Nine years later, the dirt is still on Willson’s desk. The Emeralds are still without a permanent home. And there’s a risk that the team, after 69 seasons, may leave town altogether.

Although the Emeralds (also known for their Sasquatch mascot, Sluggo) have survived wildfires, losing seasons, recessions, MLB’S 2020 reorganiza­tion of the minor leagues and COVID, they are a team without a ballpark.

And the debate about the Emeralds’ fate — in the birthplace of Nike, no less — is a testament to the struggle for affordable, in-person sports to survive in the current Gilded Age.

Nor are the Emeralds the only minor league baseball team that has reached a crisis point as a result of a ballpark problem. In 2020, MLB imposed new guidelines for its minor league stadiums. They include LED lighting, changing rooms for women, new fencing, expanded training facilities and a larger clubhouse.
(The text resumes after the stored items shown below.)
Lemma strand_of_strands bs y b' A : uniq bs ->
  (forall b, b \in bs -> supp_mdiv s b (y b)) ->
  strand b' (of_strands bs y) A = if b' \in bs then y b' A else 0.
Proof.
move=> bs_uniq yb; rewrite /strand /of_strands; case: ifP => Ab'; last first.
  by case: ifP => // b'bs; apply/esym/eqP; apply: contraFT Ab'; apply: yb.
rewrite raddf_sum /= (eq_big_seq (fun b => if b == b' then y b' A else 0)) => [|b bbs].
  rewrite -big_mkcond /=; case: ifP => [b'bs|b'nbs].
    by rewrite -big_filter filter_pred1_uniq // big_seq1.
  by rewrite big1_seq // => b /andP[/eqP-> ]; rewrite b'nbs.
rewrite mcoeffZ mcoeffX; have [->|nbb'] := eqVneq b b'; first by rewrite eqxx mulr1.
have [->|/(yb b bbs) Ab] := eqVneq (y b A) 0; first by rewrite mul0r.
by rewrite -(eqm_add2r (lcm A)) !submK // (negbTE nbb') mulr0.
Qed.

Definition strand_degrees c : seq 'X_{1..m} :=
  undup [seq (u + lcm A)%MM | A <- enum [set: {set 'I_n}], u <- msupp (c A)].

Lemma strand_degreesP b c A : strand b c A != 0 -> b \in strand_degrees c.
Proof.
rewrite /strand; case: ifP => [Ab|_]; last by rewrite eqxx.
rewrite -mcoeff_msupp => u_supp; rewrite mem_undup -(submK Ab).
by apply: (allpairs_f_dep (fun A u => (u + lcm A)%MM)); rewrite // mem_enum inE.
Qed.

Lemma boundary_of_cycle p c : generic_type s -> chain s p c ->
  (forall B, bd s c B = 0) ->
  (forall b A, strand b c A != 0 -> exists v, (s v <= b)%MM) ->
  exists d, chain s p.+1 d /\ forall B, bd s d B = c B.
Proof.
move=> gen cp cyc gen_b; have csc : supp_scarf s c by move=> A /cp[].
pose bs := strand_degrees c.
pose bounds b y := [/\ supp_mdiv s b y, supp_scarf s y,
  forall A, y A != 0 -> #|A| = p.+1 & forall B, taylor_bd y B = strand b c B].
have [Y Yb] : exists Y, forall b, b \in bs -> bounds b (Y b).
  apply: (seq_choice (fun _ => 0)) => b _.
  have strand_cyc B : taylor_bd (strand b c) B = 0.
    by rewrite -strand_bd // /strand cyc mcoeff0 if_same.
  have [/existsP[? /gen_b[v vb]]|/existsPn strand0] := boolP [exists A, strand b c A != 0].
    apply: (scarf_cycle_boundary (p := p) gen vb (@strand_supp_mdiv b c) _ _ strand_cyc).
      by move=> A /strand_neq0/csc.
    by move=> A /strand_neq0/cp[].
  exists (fun _ => 0); split=> [A|A|A|B]; rewrite ?eqxx //.
  by rewrite taylor_bd0; apply/esym/eqP; rewrite -[_ == 0]negbK strand0.
pose d := of_strands bs Y.
have dY b A : strand b d A = if b \in bs then Y b A else 0.
  by apply: strand_of_strands; [apply: undup_uniq | move=> b' /Yb[]].
have dp : chain s p.+1 d.
  move=> A dA; have [b bbs YbA] : exists2 b, b \in bs & Y b A != 0.
    apply/hasP; apply: contraNT dA => /hasPn Y0.
    by rewrite /d /of_strands big_seq big1 // => b /Y0/negbNE/eqP->; rewrite scale0r.
  by have [_ Ysc Yp _] := Yb b bbs; split; [apply: Ysc | apply: Yp].
exists d; split=> // B; apply: strand_inj => b.
rewrite strand_bd; last by move=> A /dp[].
have [bbs|bnbs] := boolP (b \in bs).
  by have [_ _ _ <-] := Yb b bbs; apply: eq_taylor_bd => A; rewrite dY bbs.
rewrite (@eq_taylor_bd _ _ _ (fun _ => 0)) => [|A]; last by rewrite dY (negbTE bnbs).
by rewrite taylor_bd0; apply/esym/eqP; apply: contraNT bnbs => /strand_degreesP.
Qed.
Theorem mainTheorem7 (K : fieldType) (V : lmodType rat) (Gam : {pred V}) (n r : nat)
    (iota0 : 'I_n -> V) (g : nat -> 'cV[rat]_n) (e : nat -> nat)
    (phi : nat -> {poly K}) (pi0 : 'I_n -> K) :
  (* Gamma is a non-trivial subgroup of V, and V = Gamma (x) Q *)
  0 \in Gam ->
  {in Gam &, forall x y, x - y \in Gam} ->
  (exists2 x, x \in Gam & x != 0) ->
  (forall x : V, exists2 k, (0 < k)%N & x *+ k \in Gam) ->
  (* iota0 is a Z-basis of a subgroup Gamma_{-1} of Gamma *)
  (forall j, iota0 j \in Gam) ->
  (forall a : 'I_n -> int, \sum_j iota0 j *~ a j = 0 -> forall j, a j = 0) ->
  let gam := fun i => \sum_j g i j 0 *: iota0 j in
  (* e_i = (Gamma_{mu_i} : Gamma_{mu_{i-1}}) = order of gamma_i modulo Gamma_{mu_{i-1}} *)
  (forall i, (i <= r)%N ->
     [/\ (0 < e i)%N, inGammaMu Gam gam i (gam i *+ e i)
       & forall k, (0 < k < e i)%N -> ~ inGammaMu Gam gam i (gam i *+ k)]) ->
  (* h_i in Gamma_{-1} + <gamma_0, ..., gamma_{i-1}> *)
  (forall i, (i <= r)%N -> exists (a : 'I_n -> int) (b : nat -> int),
       gam i *+ e i = \sum_j iota0 j *~ a j + \sum_(k < i) gam k *~ b k) ->
  (* key polynomials are monic; pi_{0,j} in K^* *)
  (forall i, (i <= r)%N -> phi i \is monic) ->
  (forall j, pi0 j != 0) ->
  forall i, (i <= r)%N ->
  forall (a : 'I_n -> int) (b : nat -> int),
    (* beta = sum_j a_j iota_{0,j} + sum_{k<i} b_k gamma_k, an arbitrary element of Gamma_{i-1},
       written in coordinates w.r.t. iota_0 *)
    let beta : 'cV[rat]_n := (\col_k (a k)%:~R) + \sum_(k < i) g k *~ b k in
    Lval g i beta \is a Num.int /\
    piPow g phi pi0 i.+1 beta / piPow g phi pi0 i beta
      = Yi g phi pi0 e i ^ numq (Lval g i beta).
Proof.
move=> Gam0 GamB _ _ iota_in_Gam free_iota gam order_e h_in phi_monic pi0_neq0
  i le_ir a b beta.
have [e_gt0 _ e_min] := order_e i le_ir.
have e_eq : (e i)%:Z = eprime (gcoord g i) n.
  exact: (order_eq_eprime Gam0 GamB iota_in_Gam free_iota e_gt0 e_min (h_in i le_ir)).
have x_int : invmx (Cmat g i) *m beta \is a mxOver Num.int by exact: coords_int.
have phi_neq0 k : (k <= r)%N -> phi k != 0 by move/phi_monic/monic_neq0.
have piv_i_neq0 k : piv g phi pi0 i k != 0.
  by apply: piv_neq0 => // m /ltnW /leq_trans /(_ le_ir); exact: phi_neq0.
split; first exact: Lform_int.
rewrite /Yi /piPow CmatS_inv -mulmxA mulmxN -scalemxAr.
by apply: level_ratio; rewrite ?tofrac_eq0 ?phi_neq0.
Qed.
Those fixes are pricey.

In California, the Visalia Rawhide are fighting for stadium improvemen­t funds, an earshot away from a childhood home of Hollywood baseball star Kevin Costner. (If you build it, they will come?) Up north on Interstate 5 in Oregon, the Hillsboro Hops find themselves in a similar predicamen­t as the Emeralds, and are also lobbying lawmakers for funding for a new park, as are the Everett Aquasox in Washington.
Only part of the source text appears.